Show me a woman who doesn’t have insecurities about her body and I’ll show you a fucking liar. We all have things we hate: our noses, thighs, cheekbones, hair, et cetera.
I’ve always been extremely self-conscious about my chest, or lack thereof. I can still hear the taunting from boys in junior high school.
“Sarah’s a carpenter’s dream…she’s flat as a board and she’s never been screwed.”
I hated those little prick bastards. I cried myself to sleep many a nights in those days.
I never got over it. And my chest never got any bigger. I still have the chest size of a pre-teen. I hate it. Nothing ever fits right.
It’s so hard to shop when you have a regular sized body with the chest size of a 10-year-old. Yesterday I finally took in a pile of sundresses that need to be tailored into my favorite tailor Mr. Charlie. He’s the most adorable elderly Chinese man.

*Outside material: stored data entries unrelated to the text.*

Variables (I : finType) (mu : I -> F) (w : I -> V).

Definition power_form (x : V) : F := \sum_i mu i * dot x (w i) ^+ Q.

Local Notation G := power_form.

Lemma power_form0 : G 0 = 0.
Proof. by rewrite /G big1 // => i _; rewrite dot0 zero_exp_pred_card mulr0. Qed.

(* G is constant on lines through the origin, since a^(q-1) = 1 for a != 0. *)
Lemma power_formZ (a : F) x : a != 0 -> G (a *: x) = G x.
Proof.
by move=> a0; apply: eq_bigr => i _; rewrite dotZ exprMn (fermat a0) mul1r.
Qed.

(* The homogeneous component of degree j of x |-> G(w0 + x), from the binomial
   expansion of (w0.w_i + x.w_i)^(q-1). *)
Definition hcomp (w0 : V) (j : nat) (x : V) : F :=
  \sum_i mu i * ((dot w0 (w i) ^+ (Q - j) * dot x (w i) ^+ j) *+ 'C(Q, j)).

Lemma power_form_expand w0 x : G (w0 + x) = \sum_(j < Q.+1) hcomp w0 j x.
Proof.
rewrite /G /hcomp; under eq_bigr do rewrite dotD exprDn mulr_sumr.
by rewrite exchange_big.
Qed.

Lemma hcomp_top w0 x : hcomp w0 Q x = G x.
Proof. by apply: eq_bigr => i _; rewrite subnn expr0 mul1r binn mulr1n. Qed.

Definition lin_poly (x y u : V) : {poly F} := (dot x u)%:P + dot y u *: 'X.

Lemma size_lin_poly_exp x y u j : (size (lin_poly x y u ^+ j) <= j.+1)%N.
Proof.
apply: leq_trans (size_poly_exp_leq _ _) _; rewrite ltnS.
have : (size (lin_poly x y u) <= 2)%N.
  apply: leq_trans (size_polyD _ _) _; rewrite geq_max.
  rewrite (leq_trans (size_polyC_leq1 _)) //.
  by rewrite (leq_trans (size_scale_leq _ _)) // size_polyX.
by case: (size _) => [|[|[|]]] //= _; rewrite ?mul0n ?mul1n.
Qed.

Lemma coef_lin_poly_exp x y u j : (lin_poly x y u ^+ j)`_j = dot y u ^+ j.
Proof.
elim: j => [|j IH]; first by rewrite !expr0 coefC.
rewrite exprSr {2}/lin_poly mulrDr coefD coefMC -scalerAr coefZ coefMX /= IH.
by rewrite (nth_default _ (size_lin_poly_exp _ _ _ _)) mul0r add0r exprSr mulrC.
Qed.

(* The restriction t |-> hcomp w0 j (x + t y) of a component to a line, as a
   polynomial of degree <= j whose coefficient of t^j is hcomp w0 j y. *)
Definition hcomp_line (w0 : V) (j : nat) (x y : V) : {poly F} :=
  \sum_i (mu i * (dot w0 (w i) ^+ (Q - j) *+ 'C(Q, j))) *: lin_poly x y (w i) ^+ j.

Lemma hcomp_lineE w0 j x y t : (hcomp_line w0 j x y).[t] = hcomp w0 j (x + t *: y).
Proof.
rewrite /hcomp_line /hcomp horner_sum; apply: eq_bigr => i _.
rewrite hornerZ horner_exp /lin_poly hornerD hornerC hornerZ hornerX dotD dotZ.
by rewrite -mulrA mulrnAl [t * _]mulrC.
Qed.

Lemma size_hcomp_line w0 j x y : (size (hcomp_line w0 j x y) <= j.+1)%N.
Proof.
apply: leq_trans (size_sum _ _ _) _; apply/bigmax_leqP => i _.
exact: leq_trans (size_scale_leq _ _) (size_lin_poly_exp _ _ _ _).
Qed.

Lemma coef_hcomp_line w0 j x y : (hcomp_line w0 j x y)`_j = hcomp w0 j y.
Proof.
rewrite /hcomp_line /hcomp coef_sum; apply: eq_bigr => i _.
by rewrite coefZ coef_lin_poly_exp -mulrA mulrnAl.
Qed.

Lemma hcomp_line_eq0 (U : {vspace V}) w0 j x y :
  (j < q)%N -> x \in U -> y \in U -> (forall z, z \in U -> hcomp w0 j z = 0) ->
  hcomp_line w0 j x y = 0.
Proof.
move=> jq xU yU hU.
apply: poly_vanishing_eq0 (leq_trans (size_hcomp_line _ _ _ _) jq) _.
by move=> t; rewrite /root hcomp_lineE hU // memvD ?memvZ.
Qed.

(* If G vanishes on U but not on the coset w0 + U, let d be the largest degree of
   a component not vanishing on U: then d < q-1 because the top component is G,
   and some y in U has hcomp w0 d y != 0. *)
Lemma top_component (U : {vspace V}) w0 :
  (forall x, x \in U -> G x = 0) -> (exists2 x, x \in U & G (w0 + x) != 0) ->
  exists d, exists2 y, y \in U &
    [/\ (d < Q)%N, hcomp w0 d y != 0 &
        forall j x, (d < j <= Q)%N -> x \in U -> hcomp w0 j x = 0].
Proof.
move=> GU [x0 x0U nz].
pose P j := (j <= Q)%N && [exists x, (x \in U) && (hcomp w0 j x != 0)].
have [j nzj] : exists j : 'I_Q.+1, hcomp w0 j x0 != 0.
  apply/existsP; apply: contraNT nz => /existsPn all0.
  by rewrite power_form_expand big1 // => j _; apply/eqP/negbNE/all0.
have exP : exists j, P j.
  by exists j; rewrite /P -ltnS ltn_ord; apply/existsP; exists x0; rewrite x0U.
have ubP i : P i -> (i <= Q)%N by case/andP.
have [d /andP[dQ /existsP[y /andP[yU nzy]]] maxd] := ex_maxnP exP ubP.
exists d, y => //; split => // [|i x /andP[di iQ] xU].
  rewrite ltn_neqAle dQ andbT; apply: contraNneq nzy => ->.
  by rewrite hcomp_top GU.
apply/eqP; apply: contraT => nzx; have := maxd i; rewrite leqNgt di /P iQ /=.
by apply; apply/existsP; exists x; rewrite xU.
Qed.

(* With d and y as in top_component, on every line x + F y of U the function
   t |-> G(w0 + x + t y) is a nonzero polynomial of degree d <= q-2 (its t^d
   coefficient is hcomp w0 d y), so it is nonzero at least twice. *)
Lemma line_nonzeros (U : {vspace V}) w0 d x y :
  (d < Q)%N -> y \in U -> hcomp w0 d y != 0 ->
  (forall j z, (d < j <= Q)%N -> z \in U -> hcomp w0 j z = 0) -> x \in U ->
  (2 <= #|[pred t | G (w0 + (x + t *: y)) != 0%R]|)%N.
Proof.
move=> dQ yU nzy high xU.
pose L := \sum_(j < Q.+1) hcomp_line w0 j x y.
have LE t : L.[t] = G (w0 + (x + t *: y)).
  by rewrite horner_sum power_form_expand; apply: eq_bigr => j _; rewrite hcomp_lineE.
have high_line j : (d < j)%N -> (j < Q.+1)%N -> hcomp_line w0 j x y = 0.
  move=> dj jQ; apply: (hcomp_line_eq0 (U := U)) => //; first by rewrite cardE_succ.
  by move=> z; apply: high; rewrite dj.
have szL : (size L <= d.+1)%N.
  apply: leq_trans (size_sum _ _ _) _; apply/bigmax_leqP => j _.
  have [jd|dj] := leqP j d; first exact: leq_trans (size_hcomp_line _ _ _ _) _.
  by rewrite high_line ?size_poly0.
have coefL : L`_d = hcomp w0 d y.
  rewrite coef_sum (bigD1 (Ordinal (ltnW dQ : (d < Q.+1)%N))) //= coef_hcomp_line.
  rewrite big1 ?addr0 // => j ne; have [jd|dj|jd] := ltngtP j d.
  - by rewrite nth_default // (leq_trans (size_hcomp_line _ _ _ _)).
  - by rewrite high_line ?coef0.
  - by move: ne; rewrite -val_eqE /= jd eqxx.
have L0 : L != 0 by apply: contraNneq nzy => L0; rewrite -coefL L0 coef0.
have nonrootsE :
    #|[pred t | ~~ root L t]| = #|[pred t | G (w0 + (x + t *: y)) != 0%R]|.
  by apply: eq_card => t; rewrite !inE /root LE.
rewrite -nonrootsE; apply: leq_trans (nonroots_ge L0); rewrite cardE_succ.
by move: szL dQ; case: (size L) => [|s] /=; lia.
Qed.

Lemma translate_sum (P : pred V) (g : V -> nat) z :
  (forall x, P (x + z) = P x) -> (\sum_(x | P x) g (x + z)%R = \sum_(x | P x) g x)%N.
Proof.
by move=> Pz; rewrite [RHS](reindex_inj (addIr z)) /=; apply: eq_bigl => x; rewrite Pz.
Qed.

(* Coset bound: if G vanishes on U but not on w0 + U, then G is nonzero on at
   least 2|U|/q points of w0 + U (the q^(r-1) parallel lines each give 2 points). *)
Lemma coset_bound (U : {vspace V}) w0 :
  (forall x, x \in U -> G x = 0) -> (exists2 x, x \in U & G (w0 + x) != 0) ->
  (2 * #|U| <= q * \sum_(x in U) (G (w0 + x)%R != 0%R : nat))%N.
Proof.
move=> GU ex; have [d [y yU [dQ nzy high]]] := top_component GU ex.
have lines : (\sum_(x in U) 2 <=
               \sum_(x in U) \sum_t (G (w0 + (x + t *: y))%R != 0%R : nat))%N.
  apply: leq_sum => x xU.
  by have := line_nonzeros dQ yU nzy high xU; rewrite -sum_indicator.
rewrite exchange_big /= sum_nat_const mulnC in lines; apply: leq_trans lines _.
under eq_bigr => t _.
  rewrite (translate_sum (fun x => (G (w0 + x)%R != 0%R : nat))); last first.
    by move=> x; rewrite rpredDr // memvZ.
  over.
by rewrite sum_nat_const cardT -cardE.
Qed.

Lemma dim_addv_line (U : {vspace V}) v : v \notin U -> (\dim U < \dim (U + <[v]>)%VS)%N.
Proof.
move=> vU; have [le e] := dimv_leqif_sup (addvSl U <[v]>).
rewrite ltn_neqAle le andbT e; apply: contra vU => sub.
by rewrite memvE (subv_trans (addvSr U <[v]>) sub).
Qed.

Lemma dimv_le (U : {vspace V}) : (\dim U <= k)%N.
Proof. by apply: leq_trans (dimvS (subvf U)) _; rewrite dimvf /dim /= mul1n. Qed.

Definition vanishes_on (U : {vspace V}) : bool := [forall x, (x \in U) ==> (G x == 0)].

Lemma vanishes_onP (U : {vspace V}) : reflect (forall x, x \in U -> G x = 0) (vanishes_on U).
Proof.
apply: (iffP forallP) => [h x xU | h x]; first by apply/eqP; move/implyP: (h x); apply.
by apply/implyP => /h ->.
Qed.

(* Take U maximal among subspaces on which G vanishes (by induction on the
   codimension): then G is not identically zero on any other coset of U. *)
Lemma maximal_vanishing_subspace : exists2 U : {vspace V}, vanishes_on U &
  forall v, v \notin U -> exists2 x, x \in U & G (v + x) != 0.
Proof.
have [m] := ubnP (k - \dim (0 : {vspace V}))%N.
have : vanishes_on 0.
  by apply/vanishes_onP => x; rewrite memv0 => /eqP ->; exact: power_form0.
elim: m (0%VS) => // m IH U VU hm.
have [/existsP[v /andP[vU VUv]] | noext] :=
  boolP [exists v, (v \notin U) && vanishes_on (U + <[v]>)%VS].
  apply: (IH _ VUv); have := dim_addv_line vU; have := dimv_le (U + <[v]>)%VS.
  move: hm; move: (\dim U) (\dim (U + <[v]>)%VS) => a b; lia.
exists U => // v vU; apply/exists_inP.
apply: contraNT noext; rewrite negb_exists_in => /forall_inP all0.
apply/existsP; exists v; rewrite vU /=.
apply/vanishes_onP => z /memv_addP[u uU [z2 /vlineP[a ->] ->]].
have [->|a0] := eqVneq a 0; first by rewrite scale0r addr0; move/vanishes_onP: VU; apply.
have uaU : a^-1 *: u \in U by rewrite memvZ.
rewrite -(power_formZ _ (invr_neq0 a0)) scalerDr scalerA mulVf // scale1r addrC.
by apply/eqP/negbNE/all0.
Qed.

(* The cosets v + U, v outside U, cover
   q^k - q^r >= (q-1) q^(k-1) vectors and each contributes 2|U|/q nonzeros. *)
Theorem power_form_support : (2 <= k)%N -> (exists v, G v != 0) ->
  (2 * Q * q ^ (k - 2) <= #|[pred v | G v != 0%R]|)%N.
Proof.
move=> k2 [v0 Gv0]; have [U /vanishes_onP GU ext] := maximal_vanishing_subspace.
have rk : (\dim U < k)%N.
  have v0U : v0 \notin U by apply: contra Gv0 => /GU ->.
  exact: leq_trans (dim_addv_line v0U) (dimv_le _).
pose Z := (\sum_(v | v \notin U) (G v != 0%R : nat))%N.
have -> : #|[pred v | G v != 0%R]| = Z.
  rewrite -sum_indicator (bigID (fun v => v \in U)) /= big1 ?add0n // => v vU.
  by rewrite GU ?eqxx.
have ZE : (#|U| * Z = \sum_(v | v \notin U) \sum_(u in U) (G (v + u)%R != 0%R : nat))%N.
  rewrite exchange_big /= -sum_nat_const /Z; apply: eq_bigr => u uU.
  by rewrite (translate_sum (fun v => (G v != 0)%R : nat)) // => v; rewrite rpredDr.
have cosets : (#|[predC U]| * (2 * #|U|) <= q * (#|U| * Z))%N.
  rewrite ZE big_distrr /= -sum_nat_const; apply: leq_sum => v vU.
  exact: coset_bound GU (ext v vU).
have cardCU : #|[predC U]| = (q ^ k - q ^ \dim U)%N.
  by have := cardC U; rewrite card_mx mul1n card_vspace => <-; rewrite addKn.
have qk : (q ^ k = q * (q * q ^ (k - 2)))%N by rewrite -!expnS -add2n subnKC.
have qr : (q ^ \dim U <= q * q ^ (k - 2))%N.
  by rewrite -expnS leq_exp2l ?card_gt1 //; lia.
have U0 : (0 < q ^ \dim U)%N by rewrite expn_gt0 ltnW ?card_gt1.
rewrite cardCU card_vspace qk in cosets; move: U0 cosets qr; rewrite cardE_succ /=.
by move: (_ ^ (k - 2))%N (_ ^ \dim U)%N => A B; nia.
Qed.

End PowerSumForm.

Section ProjectivePoints.
Variables (F : finFieldType) (n : nat).
Local Notation q := #|F|.
Local Notation Q := (#|F|.-1).
Local Notation V := 'rV[F]_n.+1.

Definition span1 (v : V) : {set V} := [set a *: v | a : F].

Lemma mem_span1 (x v : V) : reflect (exists a, x = a *: v) (x \in span1 v).
Proof. by apply: (iffP imsetP) => [[a _ ->] | [a ->]]; exists a. Qed.

Lemma span1_point (v : V) : v != 0 -> is_point (span1 v).
Proof. by move=> v0; apply/existsP; exists v; rewrite v0 eqxx. Qed.

Lemma const1_neq0 : const_mx 1 != 0 :> V.
Proof. by apply/eqP => /matrixP /(_ 0 0); rewrite !mxE; apply/eqP; exact: oner_neq0. Qed.

(* The projective point of a vector (an arbitrary point for the zero vector). *)
Definition point_of (v : V) : point F n :=
  insubd (exist _ (span1 (const_mx 1)) (span1_point const1_neq0) : point F n) (span1 v).

Lemma val_point_of v : v != 0 -> val (point_of v) = span1 v.
Proof. by move=> v0; rewrite val_insubd span1_point. Qed.

Lemma point_rep (P : point F n) : exists2 v : V, v != 0 & val P = span1 v.
Proof. by case/existsP: (valP P) => v /andP[v0 /eqP ->]; exists v. Qed.

Lemma span1Z (v : V) (a : F) : a != 0 -> span1 (a *: v) = span1 v.
Proof.
move=> a0; apply/setP => x; apply/mem_span1/mem_span1 => [[b ->] | [b ->]].
  by exists (b * a); rewrite scalerA.
by exists (b / a); rewrite scalerA mulfVK.
Qed.

Lemma point_ofE (v : V) (P : point F n) : v != 0 -> (point_of v == P) = (v \in val P).
Proof.
move=> v0; have [w w0 Pw] := point_rep P.
apply/eqP/idP => [<- | ].
  by rewrite val_point_of //; apply/mem_span1; exists 1; rewrite scale1r.
rewrite Pw => /mem_span1 [a va]; apply: val_inj; rewrite val_point_of // Pw va span1Z //.
by apply: contraNneq v0 => a0; rewrite va a0 scale0r.
Qed.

As I tried the dresses on for him I could see the frustration on his face. “Why you have such little teeny boobies?”
I muttered, “Because God hates me, that’s why.”
“Tsk, tsk.” He shook his head at me. “Nothing fits you right.”
I handled the situation like the adult I am, and not the child my chest size might suggest. I held my tongue and didn’t run off in tears. Instead I looked at him and said, “We’ve all got body issues, but at least I have pretty hair.”
“Oh, yes. Such pretty hair, “ he replied.
We finished up and I left the shop with my head held high, because it draws attention to my kick ass hair and not my teeny boobies.